Re: Split RAID: Proposal for archival RAID using incremental batch checksum

NeilBrown <neilb@xxxxxxx> · Wed, 29 Oct 2014 20:05:01 +1100

On Wed, 29 Oct 2014 12:45:34 +0530 Anshuman Aggarwal
<anshuman.aggarwal@xxxxxxxxx> wrote:

> I'm outlining below a proposal for a RAID device mapper virtual block
> device for the kernel which adds "split raid" functionality on an
> incremental batch basis for a home media server/archived content which
> is rarely accessed.
> 
> Given a set of N+X block devices (of the same size but smallest common
> size wins)
> 
> the SplitRAID device mapper device generates virtual devices which are
> passthrough for N devices and write a Batched/Delayed checksum into
> the X devices so as to allow offline recovery of block on the N
> devices in case of a single disk failure.
> 
> Advantages over conventional RAID:
> 
> - Disks can be spun down reducing wear and tear over MD RAID Levels
> (such as 1, 10, 5,6) in the case of rarely accessed archival content
> 
> - Prevent catastrophic data loss for multiple device failure since
> each block device is independent and hence unlike MD RAID will only
> lose data incrementally.
> 
> - Performance degradation for writes can be achieved by keeping the
> checksum update asynchronous and delaying the fsync to the checksum
> block device.
> 
> In the event of improper shutdown the checksum may not have all the
> updated data but will be mostly up to date which is often acceptable
> for home media server requirements.
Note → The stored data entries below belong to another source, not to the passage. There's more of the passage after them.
Definition normK (p q : nat) (x : Kelt) : algC :=
  emb p q false false x * emb p q false true x *
  emb p q true false x * emb p q true true x.

Definition indecomposable (p q : nat) (x : Kelt) : Prop :=
  inOK p q x /\ totpos p q x /\
  ~ (exists y z : Kelt, [/\ inOK p q y, inOK p q z, totpos p q y, totpos p q z
        & Kval p q x = Kval p q y + Kval p q z]).

(* Suppose alpha = y + z with y, z totally positive integers of K.  Fix a quadratic
   subfield F = Q(sqrt n), n in {p, q, r}, let tau generate Gal(K/F) and let sigma
   be an automorphism of K that is nontrivial on F.  The relative norms
   B = y tau(y), G = z tau(z) and the relative trace D = y tau(z) + z tau(y) are
   totally positive integers of F with alpha tau(alpha) = B + G + D, hence
   N(alpha) = (B + G + D) sigma(B + G + D).  For U, V among B, G, D the difference
   U sigma(V) - sigma(U) V is an integer of F of the form v sqrt n, so if it is
   nonzero its square is at least n (n is squarefree) and U sigma(V) + sigma(U) V
   exceeds sqrt n.  If B sigma(G) <> sigma(B) G, one of the two other differences
   is nonzero as well and N(alpha) > 2 sqrt n.  So the hypothesis on N(alpha)
   makes N_{K/F}(z / y) fixed by sigma for all three subfields F, which forces all
   conjugates of z / y to be equal: z = l y with l a positive rational, and
   alpha = (1 + l) y is divisible by the numerator of 1 + l. *)

From HB Require Import structures.
From mathcomp Require Import all_boot all_order all_algebra all_field.
From mathcomp Require Import ring zify.
Import Order.TTheory GRing.Theory Num.Theory.
Local Open Scope ring_scope.

Lemma sq_gt0 (n : nat) : (0 < n)%N -> 0 < sq n.
Proof. by move=> n_gt0; rewrite sqrtC_gt0 ltr0n. Qed.

Lemma sqr_sq (n : nat) : sq n ^+ 2 = n%:R.
Proof. exact: sqrtCK. Qed.

Lemma squarefree_sqr_mul_int (n : nat) (v : rat) :
  squarefree n -> v ^+ 2 * n%:R \is a Num.int -> v \is a Num.int.
Proof.
move=> sqf_n /intrP[z zE]; set m := numq v; set k := denq v.
have k_gt0 : 0 < k := denq_gt0 v.
have k2_dvd : (k ^+ 2 %| m ^+ 2 * n%:Z)%Z.
  apply/dvdzP; exists z; apply: (@intr_inj rat).
  rewrite !intrM -zE -[v]divq_num_den -/m -/k; field.
  by rewrite intr_eq0 gt_eqF.
have coprime_km : coprimez (k ^+ 2) (m ^+ 2).
  by rewrite coprimezXl // coprimez_sym coprimezXl // coprimezE coprime_num_den.
rewrite Gauss_dvdzr // in k2_dvd.
have /sqf_n absk1 : (`|k| * `|k| %| n)%N by rewrite -abszM -expr2.
by rewrite Qint_def -/k -[k]gtz0_abs // absk1.
Qed.

Lemma squarefree_sqr_ge (n : nat) (v : rat) (w : algC) :
  squarefree n -> w \in Aint -> w = ratr v * sq n -> w != 0 -> n%:R <= w ^+ 2.
Proof.
move=> sqf_n w_int wE w_neq0.
have v_neq0 : ratr v != 0 :> algC by apply: contraNneq w_neq0 => v0; rewrite wE v0 mul0r.
have w2E : w ^+ 2 = ratr (v ^+ 2 * n%:R) :> algC.
  by rewrite wE exprMn sqr_sq rmorphM rmorphXn rmorph_nat.
have w2_int : w ^+ 2 \in Num.int.
  by apply: Cint_rat_Aint; [rewrite w2E; exact: Crat_rat | exact: rpredX].
have v_int : v \is a Num.int.
  by apply: squarefree_sqr_mul_int sqf_n _; move: w2_int; rewrite w2E Cint_rat.
by rewrite wE exprMn sqr_sq ler_peMl ?ler0n // sqr_intr_ge1 // Cint_rat.
Qed.

Lemma sqrtC_lt_add {C : numClosedFieldType} {x y d : C} :
  0 < x -> 0 < y -> 0 <= d -> d <= (x - y) ^+ 2 -> sqrtC d < x + y.
Proof.
move=> x_gt0 y_gt0 d_ge0 d_le.
have xy_ge0 : 0 <= x + y by rewrite ltW ?addr_gt0.
rewrite -(sqrCK xy_ge0) ltr_sqrtC ?nnegrE ?exprn_ge0 //.
apply: le_lt_trans d_le _.
by rewrite -subr_gt0 (_ : _ - _ = 4%:R * x * y); [rewrite !mulr_gt0 ?ltr0n | ring].
Qed.

Lemma cross_eq_of_lt {C : numClosedFieldType} {b b' c c' e e' d : C} :
  0 < b -> 0 < b' -> 0 < c -> 0 < c' -> 0 < e -> 0 < e' -> 0 <= d ->
  (b * c' != b' * c -> d <= (b * c' - b' * c) ^+ 2) ->
  (b * e' != b' * e -> d <= (b * e' - b' * e) ^+ 2) ->
  (c * e' != c' * e -> d <= (c * e' - c' * e) ^+ 2) ->
  (b + c + e) * (b' + c' + e') < 2 * sqrtC d -> b * c' = b' * c.
Proof.
move=> b_gt0 b'_gt0 c_gt0 c'_gt0 e_gt0 e'_gt0 d_ge0 d_le_bc d_le_be d_le_ce lt2.
apply/eqP; apply: contraTT lt2 => bc_neq.
have lt_bc := sqrtC_lt_add (mulr_gt0 b_gt0 c'_gt0) (mulr_gt0 b'_gt0 c_gt0) d_ge0
  (d_le_bc bc_neq).
have prodE : (b + c + e) * (b' + c' + e') = (b * c' + b' * c)
    + ((b * e' + b' * e) + (c * e' + c' * e)) + (b * b' + c * c' + e * e') by ring.
suff : 2 * sqrtC d < (b * c' + b' * c) + ((b * e' + b' * e) + (c * e' + c' * e)).
  move=> /lt_le_trans lt2'; rewrite lt_gtF // prodE lt2' // lerDl ltW //.
  by rewrite !addr_gt0 ?mulr_gt0.
rewrite mulr_natl mulr2n ltrD //.
(* (b c' - b' c) e e' = (b e') (c' e) - (b' e) (c e'), so the other two cross
   differences cannot both vanish. *)
have [be_eq | be_neq] := eqVneq (b * e') (b' * e).
  have ce_neq : c * e' != c' * e.
    apply: contra_neq bc_neq => ce_eq.
    apply: (mulIf (mulf_neq0 (lt0r_neq0 e_gt0) (lt0r_neq0 e'_gt0))).
    by transitivity (b * e' * (c' * e)); [ring | rewrite be_eq -ce_eq; ring].
  have := sqrtC_lt_add (mulr_gt0 c_gt0 e'_gt0) (mulr_gt0 c'_gt0 e_gt0) d_ge0 (d_le_ce ce_neq).
  by move=> /lt_le_trans-> //; rewrite lerDr ltW // addr_gt0 ?mulr_gt0.
have := sqrtC_lt_add (mulr_gt0 b_gt0 e'_gt0) (mulr_gt0 b'_gt0 e_gt0) d_ge0 (d_le_be be_neq).
by move=> /lt_le_trans-> //; rewrite lerDl ltW // addr_gt0 ?mulr_gt0.
Qed.

Lemma klein_ratio_const {F : numFieldType} (r : bool -> bool -> F) :
  (forall s t, 0 < r s t) ->
  r false false * r false true = r true false * r true true ->
  r false false * r true false = r false true * r true true ->
  r false false * r true true = r true false * r false true ->
  forall s t, r s t = r false false.
Proof.
move=> r_gt0 Ep Eq Er.
have r_neq0 s t : r s t != 0 by rewrite lt0r_neq0.
have sqr_inj s t s' t' : r s t ^+ 2 = r s' t' ^+ 2 -> r s t = r s' t'.
  by move/eqP; rewrite eqrXn2 ?ltW // => /eqP.
have E11 : r true true = r false false.
  apply: sqr_inj; apply: (mulIf (mulf_neq0 (r_neq0 false true) (r_neq0 true false))).
  by transitivity (r false true * r true true * (r true false * r true true));
    [| rewrite -Ep -Eq]; ring.
have E01 : r false true = r true false.
  by apply: (mulfI (r_neq0 false false)); rewrite Ep E11 mulrC.
have E10 : r true false = r false false.
  by apply: sqr_inj; rewrite expr2 -{2}E01 -Er E11 expr2.
by case=> [] []; rewrite ?E01 ?E10 ?E11.
Qed.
A flag can be set in case the
> checksum block device was shutdown properly indicating that  a full
> checksum rebuild is not required.
> 
> Existing solutions considered:
> 
> - SnapRAID (http://snapraid.sourceforge.net/) which is a snapshot
> based scheme (Its advantages are that its in user space and has cross
> platform support but has the huge disadvantage of every checksum being
> done from scratch slowing the system, causing immense wear and tear on
> every snapshot and also losing any information updates upto the
> snapshot point etc)
> 
> I'd like to get opinions on the pros and cons of this proposal from
> more experienced people on the list to redirect suitably on the
> following questions:
> 
> - Maybe this can already be done using the block devices available in
> the kernel?
> 
> - If not, Device mapper the right API to use? (I think so)
> 
> - What would be the best block devices code to look at to implement?
> 
> Neil, would appreciate your weighing in on this.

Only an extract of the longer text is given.